Data provided:
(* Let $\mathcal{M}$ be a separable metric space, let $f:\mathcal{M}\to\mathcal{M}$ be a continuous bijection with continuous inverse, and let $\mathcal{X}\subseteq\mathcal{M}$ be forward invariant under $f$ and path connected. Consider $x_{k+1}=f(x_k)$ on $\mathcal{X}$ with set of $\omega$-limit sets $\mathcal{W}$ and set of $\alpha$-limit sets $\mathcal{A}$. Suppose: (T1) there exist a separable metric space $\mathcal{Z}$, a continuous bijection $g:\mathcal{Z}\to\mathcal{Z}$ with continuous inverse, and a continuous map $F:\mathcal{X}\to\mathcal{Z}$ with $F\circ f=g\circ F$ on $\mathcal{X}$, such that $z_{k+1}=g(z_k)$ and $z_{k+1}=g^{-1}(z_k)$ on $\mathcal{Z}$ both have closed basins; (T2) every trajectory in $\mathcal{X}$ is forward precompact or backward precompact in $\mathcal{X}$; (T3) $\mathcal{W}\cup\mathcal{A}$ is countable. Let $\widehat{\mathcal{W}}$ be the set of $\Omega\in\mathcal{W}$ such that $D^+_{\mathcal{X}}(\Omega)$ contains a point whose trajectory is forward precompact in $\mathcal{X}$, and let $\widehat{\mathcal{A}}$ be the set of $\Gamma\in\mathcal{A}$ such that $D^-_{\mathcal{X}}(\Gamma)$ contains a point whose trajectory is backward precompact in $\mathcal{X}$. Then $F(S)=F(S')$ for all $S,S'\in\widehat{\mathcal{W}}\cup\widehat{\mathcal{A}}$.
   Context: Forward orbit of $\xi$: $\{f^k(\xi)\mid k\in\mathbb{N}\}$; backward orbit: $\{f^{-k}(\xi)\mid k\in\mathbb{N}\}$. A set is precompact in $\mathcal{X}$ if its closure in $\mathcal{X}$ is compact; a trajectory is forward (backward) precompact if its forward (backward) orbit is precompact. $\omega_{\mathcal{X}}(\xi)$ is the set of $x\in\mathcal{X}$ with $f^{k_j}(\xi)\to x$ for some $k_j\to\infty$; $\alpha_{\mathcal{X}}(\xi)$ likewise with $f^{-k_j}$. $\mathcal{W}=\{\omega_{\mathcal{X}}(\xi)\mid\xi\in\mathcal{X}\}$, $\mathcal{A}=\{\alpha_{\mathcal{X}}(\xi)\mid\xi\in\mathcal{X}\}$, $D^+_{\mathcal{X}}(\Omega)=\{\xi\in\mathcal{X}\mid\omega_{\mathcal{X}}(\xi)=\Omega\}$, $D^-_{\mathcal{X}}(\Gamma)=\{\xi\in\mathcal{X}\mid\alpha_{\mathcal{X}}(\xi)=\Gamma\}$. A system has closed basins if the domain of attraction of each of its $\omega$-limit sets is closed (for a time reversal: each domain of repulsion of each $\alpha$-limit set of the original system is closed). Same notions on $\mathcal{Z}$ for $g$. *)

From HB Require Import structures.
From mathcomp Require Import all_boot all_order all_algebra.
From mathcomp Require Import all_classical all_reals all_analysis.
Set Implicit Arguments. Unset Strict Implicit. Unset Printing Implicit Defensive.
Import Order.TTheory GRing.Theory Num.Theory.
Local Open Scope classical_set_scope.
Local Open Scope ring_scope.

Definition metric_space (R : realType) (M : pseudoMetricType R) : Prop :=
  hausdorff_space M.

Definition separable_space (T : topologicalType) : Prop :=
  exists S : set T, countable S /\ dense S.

==

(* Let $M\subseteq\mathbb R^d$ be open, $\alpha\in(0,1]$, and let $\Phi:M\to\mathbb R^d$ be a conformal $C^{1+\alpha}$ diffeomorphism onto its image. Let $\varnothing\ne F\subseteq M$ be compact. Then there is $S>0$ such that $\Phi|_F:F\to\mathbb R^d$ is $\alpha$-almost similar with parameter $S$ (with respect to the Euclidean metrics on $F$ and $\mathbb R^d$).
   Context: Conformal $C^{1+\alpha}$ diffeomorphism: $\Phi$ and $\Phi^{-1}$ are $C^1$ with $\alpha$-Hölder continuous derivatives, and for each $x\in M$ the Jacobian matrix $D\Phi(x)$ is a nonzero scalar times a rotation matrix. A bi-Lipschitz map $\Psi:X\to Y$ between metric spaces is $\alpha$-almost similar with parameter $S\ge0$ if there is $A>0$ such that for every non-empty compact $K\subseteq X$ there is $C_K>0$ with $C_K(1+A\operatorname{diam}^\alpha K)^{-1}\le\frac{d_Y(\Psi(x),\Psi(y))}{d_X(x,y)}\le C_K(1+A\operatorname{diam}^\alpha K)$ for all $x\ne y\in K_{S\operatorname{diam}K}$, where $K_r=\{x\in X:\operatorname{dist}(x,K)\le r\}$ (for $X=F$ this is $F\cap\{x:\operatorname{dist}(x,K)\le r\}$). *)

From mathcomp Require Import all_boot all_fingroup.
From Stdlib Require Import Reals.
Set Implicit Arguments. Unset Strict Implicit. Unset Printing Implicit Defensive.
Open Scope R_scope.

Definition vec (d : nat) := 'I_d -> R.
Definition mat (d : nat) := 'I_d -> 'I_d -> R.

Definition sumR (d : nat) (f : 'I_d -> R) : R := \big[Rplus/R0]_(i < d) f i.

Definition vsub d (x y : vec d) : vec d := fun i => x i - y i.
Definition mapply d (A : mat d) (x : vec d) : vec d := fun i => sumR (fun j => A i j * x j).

* * *

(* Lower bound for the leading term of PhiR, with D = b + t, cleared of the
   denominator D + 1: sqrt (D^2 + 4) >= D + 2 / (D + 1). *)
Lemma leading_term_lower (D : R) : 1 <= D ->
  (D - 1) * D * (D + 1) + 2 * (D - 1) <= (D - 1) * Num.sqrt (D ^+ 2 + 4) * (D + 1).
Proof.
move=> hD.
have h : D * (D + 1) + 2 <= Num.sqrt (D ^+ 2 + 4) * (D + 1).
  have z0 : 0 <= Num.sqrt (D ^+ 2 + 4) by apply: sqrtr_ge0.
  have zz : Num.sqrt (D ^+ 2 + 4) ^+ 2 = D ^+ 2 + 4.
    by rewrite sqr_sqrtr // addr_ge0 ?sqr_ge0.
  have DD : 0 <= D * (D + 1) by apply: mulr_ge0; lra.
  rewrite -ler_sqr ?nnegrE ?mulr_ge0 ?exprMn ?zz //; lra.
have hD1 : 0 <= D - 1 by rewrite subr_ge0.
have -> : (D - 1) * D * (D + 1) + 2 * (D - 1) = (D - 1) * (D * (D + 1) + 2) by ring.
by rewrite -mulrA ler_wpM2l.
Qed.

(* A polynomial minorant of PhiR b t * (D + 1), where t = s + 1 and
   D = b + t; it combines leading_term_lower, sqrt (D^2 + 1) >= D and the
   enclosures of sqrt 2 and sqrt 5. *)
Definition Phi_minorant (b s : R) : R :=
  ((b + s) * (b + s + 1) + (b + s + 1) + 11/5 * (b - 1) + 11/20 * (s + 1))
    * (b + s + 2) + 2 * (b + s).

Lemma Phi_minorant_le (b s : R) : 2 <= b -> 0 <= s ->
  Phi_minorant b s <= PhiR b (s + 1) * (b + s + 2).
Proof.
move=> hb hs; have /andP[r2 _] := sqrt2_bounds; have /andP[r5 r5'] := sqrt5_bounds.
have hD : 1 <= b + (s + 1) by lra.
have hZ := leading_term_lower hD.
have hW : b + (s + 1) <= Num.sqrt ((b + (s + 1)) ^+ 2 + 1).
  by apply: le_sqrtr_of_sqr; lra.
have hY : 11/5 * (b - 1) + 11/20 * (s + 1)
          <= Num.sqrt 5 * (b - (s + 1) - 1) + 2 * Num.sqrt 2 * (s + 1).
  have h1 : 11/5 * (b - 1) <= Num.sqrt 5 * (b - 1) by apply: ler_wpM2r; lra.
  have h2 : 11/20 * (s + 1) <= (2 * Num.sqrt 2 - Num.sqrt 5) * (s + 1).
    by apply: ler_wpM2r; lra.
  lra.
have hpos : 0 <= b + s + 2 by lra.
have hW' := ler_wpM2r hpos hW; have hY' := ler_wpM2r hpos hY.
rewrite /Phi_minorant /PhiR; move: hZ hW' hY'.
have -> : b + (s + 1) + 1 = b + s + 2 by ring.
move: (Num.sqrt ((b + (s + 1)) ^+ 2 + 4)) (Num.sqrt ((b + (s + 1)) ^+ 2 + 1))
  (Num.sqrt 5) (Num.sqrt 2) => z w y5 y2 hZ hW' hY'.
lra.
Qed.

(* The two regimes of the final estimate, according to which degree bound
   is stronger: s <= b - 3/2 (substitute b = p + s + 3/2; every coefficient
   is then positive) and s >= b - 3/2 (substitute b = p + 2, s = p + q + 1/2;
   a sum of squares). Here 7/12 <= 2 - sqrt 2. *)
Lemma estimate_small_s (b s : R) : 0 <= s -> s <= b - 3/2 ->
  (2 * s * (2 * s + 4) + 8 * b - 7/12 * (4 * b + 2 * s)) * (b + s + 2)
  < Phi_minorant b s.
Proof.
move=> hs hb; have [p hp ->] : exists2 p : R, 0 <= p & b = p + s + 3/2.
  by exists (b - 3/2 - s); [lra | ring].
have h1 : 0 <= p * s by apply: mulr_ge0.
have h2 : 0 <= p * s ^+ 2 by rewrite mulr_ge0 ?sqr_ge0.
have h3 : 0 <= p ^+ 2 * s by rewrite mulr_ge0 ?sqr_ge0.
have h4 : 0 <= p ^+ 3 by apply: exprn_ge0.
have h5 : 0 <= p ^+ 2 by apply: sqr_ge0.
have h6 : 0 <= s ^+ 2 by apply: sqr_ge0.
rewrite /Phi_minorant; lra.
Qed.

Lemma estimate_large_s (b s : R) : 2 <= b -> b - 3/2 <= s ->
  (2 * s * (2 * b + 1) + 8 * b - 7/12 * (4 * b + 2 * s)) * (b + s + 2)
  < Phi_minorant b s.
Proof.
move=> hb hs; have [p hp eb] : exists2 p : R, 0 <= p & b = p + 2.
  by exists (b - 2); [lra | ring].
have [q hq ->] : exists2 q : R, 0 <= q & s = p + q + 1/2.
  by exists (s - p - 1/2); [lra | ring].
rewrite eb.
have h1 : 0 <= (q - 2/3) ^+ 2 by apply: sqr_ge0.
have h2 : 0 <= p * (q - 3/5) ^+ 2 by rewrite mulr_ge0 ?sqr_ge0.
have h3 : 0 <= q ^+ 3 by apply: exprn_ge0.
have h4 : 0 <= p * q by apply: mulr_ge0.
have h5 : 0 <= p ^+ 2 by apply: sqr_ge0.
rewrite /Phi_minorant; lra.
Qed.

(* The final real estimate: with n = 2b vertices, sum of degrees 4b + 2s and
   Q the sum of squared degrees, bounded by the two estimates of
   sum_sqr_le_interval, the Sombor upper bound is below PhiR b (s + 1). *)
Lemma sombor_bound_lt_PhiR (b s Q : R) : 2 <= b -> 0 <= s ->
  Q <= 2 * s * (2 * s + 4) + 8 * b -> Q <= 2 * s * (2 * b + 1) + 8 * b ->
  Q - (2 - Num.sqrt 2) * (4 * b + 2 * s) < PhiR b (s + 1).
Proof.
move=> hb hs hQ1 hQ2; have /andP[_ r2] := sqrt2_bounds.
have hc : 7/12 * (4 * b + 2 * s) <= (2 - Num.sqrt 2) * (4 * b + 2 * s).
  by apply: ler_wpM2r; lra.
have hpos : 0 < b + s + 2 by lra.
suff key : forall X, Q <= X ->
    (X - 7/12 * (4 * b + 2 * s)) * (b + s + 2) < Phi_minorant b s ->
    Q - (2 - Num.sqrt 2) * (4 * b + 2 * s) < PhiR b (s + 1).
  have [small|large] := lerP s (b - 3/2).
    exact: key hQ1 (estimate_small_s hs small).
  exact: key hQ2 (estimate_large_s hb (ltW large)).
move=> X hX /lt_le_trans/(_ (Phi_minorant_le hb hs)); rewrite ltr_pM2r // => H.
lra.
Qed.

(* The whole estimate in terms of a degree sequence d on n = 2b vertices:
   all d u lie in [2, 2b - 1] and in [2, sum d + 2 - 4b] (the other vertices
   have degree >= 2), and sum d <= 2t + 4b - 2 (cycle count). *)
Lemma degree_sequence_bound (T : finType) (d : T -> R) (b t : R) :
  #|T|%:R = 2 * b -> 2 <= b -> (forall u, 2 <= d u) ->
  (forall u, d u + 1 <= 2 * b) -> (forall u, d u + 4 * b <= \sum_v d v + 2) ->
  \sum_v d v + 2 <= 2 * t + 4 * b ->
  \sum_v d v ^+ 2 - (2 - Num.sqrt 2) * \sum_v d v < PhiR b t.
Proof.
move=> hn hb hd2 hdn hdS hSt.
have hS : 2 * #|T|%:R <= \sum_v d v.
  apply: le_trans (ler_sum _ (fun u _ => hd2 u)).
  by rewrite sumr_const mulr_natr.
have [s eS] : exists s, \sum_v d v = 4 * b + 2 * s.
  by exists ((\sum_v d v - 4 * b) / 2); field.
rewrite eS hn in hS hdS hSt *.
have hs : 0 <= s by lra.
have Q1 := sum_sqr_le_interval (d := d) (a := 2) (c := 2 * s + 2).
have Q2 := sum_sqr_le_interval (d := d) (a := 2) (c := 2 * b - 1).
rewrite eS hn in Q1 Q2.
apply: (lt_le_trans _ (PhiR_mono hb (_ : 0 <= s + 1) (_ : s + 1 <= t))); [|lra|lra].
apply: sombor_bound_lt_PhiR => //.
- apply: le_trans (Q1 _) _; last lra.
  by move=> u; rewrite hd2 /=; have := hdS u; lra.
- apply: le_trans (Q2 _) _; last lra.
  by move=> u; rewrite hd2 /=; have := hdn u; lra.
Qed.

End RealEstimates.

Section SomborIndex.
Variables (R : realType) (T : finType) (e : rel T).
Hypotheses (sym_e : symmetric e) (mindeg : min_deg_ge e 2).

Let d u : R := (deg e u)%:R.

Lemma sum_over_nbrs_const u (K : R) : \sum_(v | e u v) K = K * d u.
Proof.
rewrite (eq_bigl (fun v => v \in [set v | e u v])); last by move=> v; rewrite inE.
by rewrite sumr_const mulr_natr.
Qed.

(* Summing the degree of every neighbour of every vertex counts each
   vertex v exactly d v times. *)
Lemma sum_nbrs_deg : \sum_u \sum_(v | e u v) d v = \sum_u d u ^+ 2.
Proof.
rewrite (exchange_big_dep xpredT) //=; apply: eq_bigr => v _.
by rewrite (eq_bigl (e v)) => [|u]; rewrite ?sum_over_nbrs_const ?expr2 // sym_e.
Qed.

What this task involves: Extract exactly and only the lines above from the line containing "D = b + t; it" through the line containing "have h1 : 11/5", both end lines included.

Response for this exercise:
   D = b + t; it combines leading_term_lower, sqrt (D^2 + 1) >= D and the
   enclosures of sqrt 2 and sqrt 5. *)
Definition Phi_minorant (b s : R) : R :=
  ((b + s) * (b + s + 1) + (b + s + 1) + 11/5 * (b - 1) + 11/20 * (s + 1))
    * (b + s + 2) + 2 * (b + s).

Lemma Phi_minorant_le (b s : R) : 2 <= b -> 0 <= s ->
  Phi_minorant b s <= PhiR b (s + 1) * (b + s + 2).
Proof.
move=> hb hs; have /andP[r2 _] := sqrt2_bounds; have /andP[r5 r5'] := sqrt5_bounds.
have hD : 1 <= b + (s + 1) by lra.
have hZ := leading_term_lower hD.
have hW : b + (s + 1) <= Num.sqrt ((b + (s + 1)) ^+ 2 + 1).
  by apply: le_sqrtr_of_sqr; lra.
have hY : 11/5 * (b - 1) + 11/20 * (s + 1)
          <= Num.sqrt 5 * (b - (s + 1) - 1) + 2 * Num.sqrt 2 * (s + 1).
  have h1 : 11/5 * (b - 1) <= Num.sqrt 5 * (b - 1) by apply: ler_wpM2r; lra.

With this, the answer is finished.